Information-Theoretic Stochastic Optimal Control via Incremental Sampling-based Algorithms
Theodorou, Evangelos A.
MetadataShow full item record
This paper considers optimal control of dynamical systems which are represented by nonlinear stochastic differential equations. It is well-known that the optimal control policy for this problem can be obtained as a function of a value function that satisfies a nonlinear partial differential equation, namely, the Hamilton-Jacobi-Bellman equation. This nonlinear PDE must be solved backwards in time, and this computation is intractable for large scale systems. Under certain assumptions, and after applying a logarithmic transformation, an alternative characterization of the optimal policy can be given in terms of a path integral. Path Integral (PI) based control methods have recently been shown to provide elegant solutions to a broad class of stochastic optimal control problems. One of the implementation challenges with this formalism is the computation of the expectation of a cost functional over the trajectories of the unforced dynamics. Computing such expectation over trajectories that are sampled uniformly may induce numerical instabilities due to the exponentiation of the cost.
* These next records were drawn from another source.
(* Let $k\ge1$ and let $w=a_1a_2\cdots a_k$ be an admissible $k$-word, and let $h=h(w)$. Then $h$ is the least non-negative integer $i$ with $T_k^{i}[w]\in\psi_k(V_1)$, and moreover $T_k^{h}[w]=\psi_k([a_{h+1}])$.
   Context: Let $\mathcal{A}$ be a finite alphabet of $r$ symbols and $T=(T_{x,y})$ an $r\times r$ matrix with entries in $\{0,1\}$ which is irreducible, i.e. the directed graph on $\mathcal{A}$ with an edge $x\to y$ iff $T_{y,x}=1$ is strongly connected. An admissible $k$-word is a string $a_1\cdots a_k$ of symbols with $T_{a_{i+1},a_i}=1$ for $1\le i\le k-1$. $V_k$ is the complex vector space with basis $\{[w]\}$ indexed by admissible $k$-words. $\psi_k:V_1\to V_k$ is linear with $\psi_k([a])$ the sum of $[w]$ over all admissible $k$-words beginning with $a$. $T_k:V_k\to V_k$ is linear with $T_k([a_1\cdots a_k])=\sum[a_2\cdots a_kx]$, summed over symbols $x$ with $a_2\cdots a_kx$ admissible. For an admissible $k$-word $u=u_1\cdots u_k$, $h(u)$ is the smallest non-negative integer $h$ such that $u$ is the only admissible $k$-word beginning with $u_1\cdots u_{h+1}$ (so $h(u)\le k-1$). *)

From HB Require Import structures.
From mathcomp Require Import all_boot all_order all_algebra.
From mathcomp Require Import complex.
Set Implicit Arguments. Unset Strict Implicit. Unset Printing Implicit Defensive.
Import GRing.Theory Num.Theory.
Local Open Scope ring_scope.

(* Alphabet A = 'I_r ; transition matrix T : 'M[bool]_r (true = 1, false = 0). *)

(* irreducible: the digraph with edge x -> y iff T_{y,x} = 1 is strongly connected *)
Definition irreducible_tm (r : nat) (T : 'M[bool]_r) : Prop :=
  forall x y : 'I_r, connect (fun a b => T b a) x y.

Definition admb (r : nat) (T : 'M[bool]_r) (s : seq 'I_r) : bool :=
  all (fun p : 'I_r * 'I_r => T p.2 p.1) (zip s (behead s)).

Definition adm (r : nat) (T : 'M[bool]_r) (k : nat) : finType :=
  {w : k.-tuple 'I_r | admb T w}.

Definition word (r : nat) (T : 'M[bool]_r) (k : nat) (w : adm T k) : seq 'I_r :=
  val (val w).

Definition V (R : rcfType) (r : nat) (T : 'M[bool]_r) (k : nat) :=
  {ffun adm T k -> R[i]}.

Definition bvec (R : rcfType) (r : nat) (T : 'M[bool]_r) (k : nat) (w : adm T k)
  : V R T k := [ffun v => (v == w)%:R].

Definition psi (R : rcfType) (r : nat) (T : 'M[bool]_r) (k : nat) (x : V R T 1)
  : V R T k :=
  \sum_(u : adm T 1) x u *:
     \sum_(w : adm T k | take 1 (word w) == word u) bvec R w.

Definition Tk_basis (R : rcfType) (r : nat) (T : 'M[bool]_r) (k : nat) (w : adm T k)
  : V R T k :=
  \sum_(x : 'I_r) \sum_(v : adm T k | word v == rcons (behead (word w)) x) bvec R v.

Definition Tk (R : rcfType) (r : nat) (T : 'M[bool]_r) (k : nat) (f : V R T k)
  : V R T k :=
  \sum_(w : adm T k) f w *: Tk_basis R w.

Lemma admb1 (r : nat) (T : 'M[bool]_r) (a : 'I_r) : admb T (tval [tuple a]).
Proof. by []. Qed.
Definition word1 (r : nat) (T : 'M[bool]_r) (a : 'I_r) : adm T 1 :=
  exist _ [tuple a] (admb1 T a).

Definition hpred (r : nat) (T : 'M[bool]_r) (k : nat) (u : adm T k) (i : nat) : bool :=
  [forall v : adm T k, (take i.+1 (word v) == take i.+1 (word u)) ==> (v == u)].

Lemma hpred_ex (r : nat) (T : 'M[bool]_r) (k : nat) (u : adm T k) :
  exists i, hpred u i.
Proof.
exists k; apply/forallP => v; apply/implyP.
by rewrite !take_oversize ?size_tuple.
Qed.

Definition h (r : nat) (T : 'M[bool]_r) (k : nat) (u : adm T k) : nat :=
  ex_minn (hpred_ex u).

Lemma h_lt (r : nat) (T : 'M[bool]_r) (k : nat) (hk : (0 < k)%N) (u : adm T k) :
  (h u < k)%N.
Proof.
rewrite /h; case: ex_minnP => m _ Hmin.
have : hpred u k.-1.
  apply/forallP => v; apply/implyP.
  by rewrite prednK // !take_oversize ?size_tuple.
move/Hmin; by case: k hk {u Hmin}.
Qed.

From HB Require Import structures.
From mathcomp Require Import all_boot all_order all_algebra.
From mathcomp Require Import complex zify.
Set Implicit Arguments. Unset Strict Implicit. Unset Printing Implicit Defensive.
Import GRing.Theory Num.Theory.
Local Open Scope ring_scope.

(* The coordinate of T_k^i [w] at an admissible word u is 1 when the first
   k - i letters of u are the last k - i letters a_{i+1} ... a_k of w, and 0
   otherwise, whereas a vector of psi_k(V_1) has coordinates depending only on
   the first letter of u.  For i = h(w) the prefix a_1 ... a_{h+1} determines w,
   so every admissible u starting with a_{h+1} continues as a_{h+1} ... a_k and
   T_k^h [w] = psi_k [a_{h+1}].  For i < h(w) some admissible v <> w shares the
   prefix a_1 ... a_{i+1}, hence differs from w after position i; since an
   irreducible T with an edge has no sink, both tails a_{i+1} ... a_k and
   v_{i+1} ... v_k extend to admissible k-words, which start with the same
   letter but are separated by T_k^i [w]. *)

Lemma sum_indicator (S : pzSemiRingType) (I : finType) (P : pred I) (u : I) :
  \sum_(v | P v) (u == v)%:R = (P u)%:R :> S.
Proof.
case Pu: (P u); last first.
  by rewrite big1 // => v Pv; case: eqP => // uv; rewrite uv Pv in Pu.
rewrite (bigD1 u) //= eqxx big1 ?addr0 // => v /andP[_ /negbTE].
by rewrite eq_sym => ->.
Qed.

Lemma drop_tnth (A : Type) (n : nat) (t : n.-tuple A) (j : 'I_n) :
  drop j t = tnth t j :: drop j.+1 t.
Proof. by rewrite (drop_nth (tnth t j)) ?size_tuple // -tnth_nth. Qed.

Lemma take_tnth (A : Type) (n : nat) (t : n.-tuple A) (j : 'I_n) :
  take j.+1 t = rcons (take j t) (tnth t j).
Proof. by rewrite (take_nth (tnth t j)) ?size_tuple // -tnth_nth. Qed.

Section ShiftSpace.
Variables (R : rcfType) (r : nat) (T : 'M[bool]_r).

Definition edge : rel 'I_r := fun a b => T b a.

Definition sinkless : Prop := forall a, exists b, T b a.

Lemma admbE s : admb T s = sorted edge s.
Proof. by case: s => // x s; elim: s x => //= y s IH x; rewrite -IH. Qed.

Lemma admb_take n s : admb T s -> admb T (take n s).
Proof. by rewrite !admbE; apply: take_sorted. Qed.

Lemma admb_drop n s : admb T s -> admb T (drop n s).
Proof. by rewrite !admbE; apply: drop_sorted. Qed.

Lemma admb_cat_cons p x q :
  admb T (rcons p x) -> admb T (x :: q) -> admb T (p ++ x :: q).
Proof. by rewrite !admbE sorted_cat_cons => -> /= ->. Qed.

Lemma admb_cons_take n y t :
  (0 < n)%N -> admb T (y :: take n t) -> admb T t -> admb T (y :: t).
Proof.
by case: n t => [|n] [|z t] //; rewrite !admbE /= => _ /andP[-> _] ->.
Qed.

Lemma irreducible_sinkless a b : irreducible_tm T -> T b a -> sinkless.
Proof.
move=> Tirr Tba z; have /connectP[[|z' p] /= zp za] := Tirr z a.
  by exists b; rewrite -za.
by case/andP: zp => Tz _; exists z'.
Qed.

Lemma sinkless_path n x : sinkless -> exists q, size q = n /\ path edge x q.
Proof.
move=> succ; elim: n x => [|n IH] x; first by exists [::].
have [y Tyx] := succ x; have [q [<- yq]] := IH y.
by exists (y :: q); rewrite /= yq andbT.
Qed.

Lemma word_word1 (a : 'I_r) : word (word1 T a) = [:: a].
Proof. by []. Qed.

Lemma bvecE k (v u : adm T k) : bvec R v u = (u == v)%:R.
Proof. by rewrite ffunE. Qed.

Section Words.
Variable k : nat.

Definition adm_of s (ss : size s == k) (ts : admb T s) : adm T k :=
  exist _ (Tuple ss) ts.

Lemma word_adm_of s (ss : size s == k) (ts : admb T s) :
  word (adm_of ss ts) = s.
Proof. by []. Qed.

Lemma word_inj : injective (@word r T k).
Proof. by move=> u v uv; apply/val_inj/val_inj. Qed.

Lemma size_word (u : adm T k) : size (word u) = k.
Proof. exact: size_tuple. Qed.

Lemma admb_word (u : adm T k) : admb T (word u).
Proof. exact: (valP u). Qed.

Lemma adm_edge (u : adm T k) : (1 < k)%N -> exists a b, T b a.
Proof.
move: (word u) (admb_word u) (size_word u) => [|a [|b s]] /=;
  try by move=> _ <-.
by rewrite admbE /= => /andP[Tba _] _ _; exists a, b.
Qed.

Lemma sinkless_adm_extend s : sinkless -> admb T s -> (0 < size s <= k)%N ->
  exists u : adm T k, take (size s) (word u) = s.
Proof.
move=> succ; case/lastP: s => [|p x] // ts /andP[_ sk].
have [q [sq xq]] := sinkless_path (k - size (rcons p x)) x succ.
have ss : size (rcons p x ++ q) == k by rewrite size_cat sq subnKC.
have tq : admb T (rcons p x ++ q) by rewrite cat_rcons admb_cat_cons // admbE.
by exists (adm_of ss tq); rewrite take_size_cat.
Qed.

Lemma sum_word_eq s :
  \sum_(v : adm T k) (word v == s)%:R = (admb T s && (size s == k))%:R :> R[i].
Proof.
have [/andP[ts ss]|nts] := boolP (admb T s && (size s == k)).
  rewrite (bigD1 (adm_of ss ts)) //= eqxx big1 ?addr0 // => v.
  by rewrite -[s]/(word (adm_of ss ts)) (inj_eq word_inj) => /negbTE ->.
rewrite big1 // => v _; case: eqP => // vs.
by rewrite -vs admb_word size_word eqxx in nts.
Qed.

Lemma bvec_sumE (P : pred (adm T k)) u :
  (\sum_(v | P v) bvec R v) u = (P u)%:R.
Proof.
by rewrite sum_ffunE; under eq_bigr do rewrite bvecE; exact: sum_indicator.
Qed.

Lemma psiE (x : V R T 1) (u : adm T k) :
  psi k x u = \sum_a x a * (take 1 (word u) == word a)%:R.
Proof.
by rewrite /psi sum_ffunE; apply: eq_bigr => a _; rewrite ffunE bvec_sumE.
Qed.

Lemma psi_bvecE (a : adm T 1) (u : adm T k) :
  psi k (bvec R a) u = (take 1 (word u) == word a)%:R.
Proof.
rewrite psiE (bigD1 a) //= bvecE eqxx mul1r big1 ?addr0 // => b /negbTE ba.
by rewrite bvecE ba mul0r.
Qed.

Lemma psi_eq_take1 (x : V R T 1) (u u' : adm T k) :
  take 1 (word u) = take 1 (word u') -> psi k x u = psi k x u'.
Proof. by move=> uu'; rewrite !psiE uu'. Qed.

Lemma hpred_h (w : adm T k) : hpred w (h w).
Proof. by rewrite /h; case: ex_minnP. Qed.

Lemma h_min (w : adm T k) i : hpred w i -> (h w <= i)%N.
Proof. by rewrite /h; case: ex_minnP => m _; apply. Qed.

Lemma hpred_continuation (w u : adm T k) n : hpred w n -> (n < k)%N ->
  take 1 (word u) = take 1 (drop n (word w)) ->
  take (k - n) (word u) = drop n (word w).
Proof.
move=> wn nk u1; set x := tnth (val w) (Ordinal nk).
have wx : drop n (word w) = x :: drop n.+1 (word w).
  exact: (drop_tnth (val w) (Ordinal nk)).
have [q uq] : exists q, take (k - n) (word u) = x :: q.
  move: u1; rewrite wx -(@take_takel _ 1 (k - n) (word u)) ?subn_gt0 //.
  by case: (take (k - n) (word u)) => [|y q] // [-> _]; exists q.
have ss : size (take n (word w) ++ x :: q) == k.
  by rewrite size_cat -uq !size_takel ?size_word ?leq_subr ?subnKC // ltnW.
have tq : admb T (take n (word w) ++ x :: q).
  apply: admb_cat_cons; last by rewrite -uq admb_take ?admb_word.
  by rewrite -(take_tnth (val w) (Ordinal nk)) admb_take ?admb_word.
have /(congr1 (@word r T k)) vw : adm_of ss tq = w.
  apply/eqP/(implyP (forallP wn _)); rewrite word_adm_of -cat_rcons.
  rewrite take_size_cat ?size_rcons ?size_takel ?size_word ?(ltnW nk) //.
  by rewrite (take_tnth (val w) (Ordinal nk)).
by rewrite uq -vw word_adm_of drop_size_cat ?size_takel ?size_word ?(ltnW nk).
Qed.

Lemma not_hpred_branch (w : adm T k) i : ~~ hpred w i ->
  exists v : adm T k, take i.+1 (word v) = take i.+1 (word w) /\
                      drop i (word v) != drop i (word w).
Proof.
case/forallPn => v; rewrite negb_imply => /andP[/eqP vw nvw].
exists v; split=> //; apply: contra nvw => /eqP dvw; apply/eqP/word_inj.
rewrite -(cat_take_drop i (word v)) -(cat_take_drop i (word w)) dvw.
by rewrite -(@take_takel _ i i.+1 (word v)) // vw take_takel.
Qed.

Hypothesis k_gt0 : (0 < k)%N.

Lemma Tk_basisE (w u : adm T k) :
  Tk_basis R w u = (behead (word w) == take k.-1 (word u))%:R.
Proof.
rewrite /Tk_basis sum_ffunE; under eq_bigr do rewrite bvec_sumE.
move: (word u) (size_word u) => s; case/lastP: s => [|s y] /=.
  by move/eqP; rewrite eq_sym gtn_eqF.
move=> sk; have -> : take k.-1 (rcons s y) = s.
  by rewrite -sk size_rcons -cats1 take_size_cat.
under eq_bigr do rewrite eqseq_rcons -mulnb natrM.
by rewrite -mulr_sumr (sum_indicator _ xpredT y) mulr1 eq_sym.
Qed.

Lemma TkE (f : V R T k) (u : adm T k) :
  Tk f u = \sum_v f v * (behead (word v) == take k.-1 (word u))%:R.
Proof.
by rewrite /Tk sum_ffunE; apply: eq_bigr => v _; rewrite ffunE Tk_basisE.
Qed.

Lemma iter_Tk_bvecE (w u : adm T k) i : (i < k)%N ->
  iter i (@Tk R r T k) (bvec R w) u =
  (take (k - i) (word u) == drop i (word w))%:R.
Proof.
elim: i u => [|i IH] u ik.
  by rewrite /= bvecE subn0 drop0 take_oversize ?size_word // (inj_eq word_inj).
rewrite iterS TkE; under eq_bigr do rewrite IH ?(ltnW ik) // -natrM mulnb.
set n := (k - i.+1)%N; have -> : (k - i = n.+1)%N by rewrite /n; lia.
set t := take k.-1 (word u); set d := drop i.+1 (word w).
have [y wy] : exists y, drop i (word w) = y :: d.
  by eexists; exact: (drop_tnth (val w) (Ordinal (ltnW ik))).
have pred_v (v : adm T k) :
    (take n.+1 (word v) == drop i (word w)) && (behead (word v) == t)
    = (word v == y :: t) && (take n t == d).
  rewrite wy; case: (word v) (size_word v) => [|a b _] /=.
    by move/eqP; rewrite eq_sym gtn_eqF.
  by rewrite !eqseq_cons; case: (b =P t) => [->|]; rewrite ?andbT ?andbF.
under eq_bigr do rewrite pred_v -mulnb natrM.
rewrite -mulr_suml sum_word_eq /= size_takel ?size_word ?leq_pred //.
rewrite prednK // eqxx andbT /t take_takel ?size_word; last by rewrite /n; lia.
case: (take n (word u) =P d) => [td|]; last by rewrite mulr0.
rewrite (@admb_cons_take n) ?mulr1 ?admb_take ?admb_word //.
  by rewrite /n; lia.
by rewrite take_takel ?td -?wy ?admb_drop ?admb_word //; rewrite /n; lia.
Qed.

Lemma iter_Tk_h (w : adm T k) :
  iter (h w) (@Tk R r T k) (bvec R w)
  = psi k (bvec R (word1 T (tnth (val w) (Ordinal (h_lt k_gt0 w))))).
Proof.
set j := Ordinal (h_lt k_gt0 w).
have wj : take 1 (drop (h w) (word w)) = [:: tnth (val w) j].
  by rewrite (drop_tnth (val w) j) /= take0.
apply/ffunP => u; rewrite iter_Tk_bvecE ?h_lt // psi_bvecE word_word1.
congr (nat_of_bool _)%:R; apply/eqP/eqP => [uw|u1].
  by rewrite -wj -uw take_takel // subn_gt0 h_lt.
by apply: hpred_continuation (hpred_h w) (h_lt k_gt0 w) _; rewrite u1 wj.
Qed.

Lemma iter_Tk_notin_psi (w : adm T k) i : irreducible_tm T -> (i < h w)%N ->
  ~ exists x : V R T 1, iter i (@Tk R r T k) (bvec R w) = psi k x.
Proof.
move=> Tirr ih [x wx]; have hk := h_lt k_gt0 w; have ik := ltn_trans ih hk.
have /not_hpred_branch[v [vw dvw]] : ~~ hpred w i.
  by apply/negP => /h_min; rewrite leqNgt ih.
have succ : sinkless.
  have [|a [b Tba]] := adm_edge w; first by lia.
  exact: irreducible_sinkless Tirr Tba.
have extend (s : adm T k) :
    exists u : adm T k, take (k - i) (word u) = drop i (word s).
  have [|u us] := sinkless_adm_extend succ (admb_drop i (admb_word s)).
    by rewrite size_drop size_word subn_gt0 ik leq_subr.
  by exists u; rewrite size_drop size_word in us.
have first_letter (u s : adm T k) : take (k - i) (word u) = drop i (word s) ->
    take 1 (word u) = drop i (take i.+1 (word s)).
  by move=> us; rewrite -(@take_takel _ 1 (k - i)) ?subn_gt0 // us take_drop.
have [u0 u0w] := extend w; have [u1 u1v] := extend v.
have : psi k x u0 = psi k x u1.
  apply: psi_eq_take1.
  by rewrite (first_letter _ _ u0w) (first_letter _ _ u1v) vw.
rewrite -!wx !iter_Tk_bvecE // u0w u1v eqxx (negbTE dvw) => /eqP.
by rewrite oner_eq0.
Qed.

End Words.
End ShiftSpace.

Theorem lemma1p5 (R : rcfType) (r : nat) (T : 'M[bool]_r)
  (Tirr : irreducible_tm T) (k : nat) (hk : (0 < k)%N) (w : adm T k) :
  let e := bvec R w in
  (* h(w) is the least i with T_k^i [w] in psi_k(V_1) *)
  (exists x : V R T 1, iter (h w) (@Tk R r T k) e = psi k x) /\
  (forall i : nat, (i < h w)%N ->
     ~ (exists x : V R T 1, iter i (@Tk R r T k) e = psi k x)) /\
  (* T_k^h [w] = psi_k([a_{h+1}]) *)
  iter (h w) (@Tk R r T k) e
    = psi k (bvec R (word1 T (tnth (val w) (Ordinal (h_lt hk w))))).
Proof.
move=> e; have Th := iter_Tk_h R hk w.
split; first by eexists; exact: Th.
by split=> // i ih; apply: iter_Tk_notin_psi.
Qed.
Therefore, sampling of low-cost trajectories is essential for the practical implementation of PI-based methods. In this paper, we use incremental sampling-based algorithms to sample useful trajectories from the unforced system dynamics, and make a novel connection between Rapidly-exploring Random Trees (RRTs) and information-theoretic stochastic optimal control. We show the results from the numerical implementation of the proposed approach to several examples.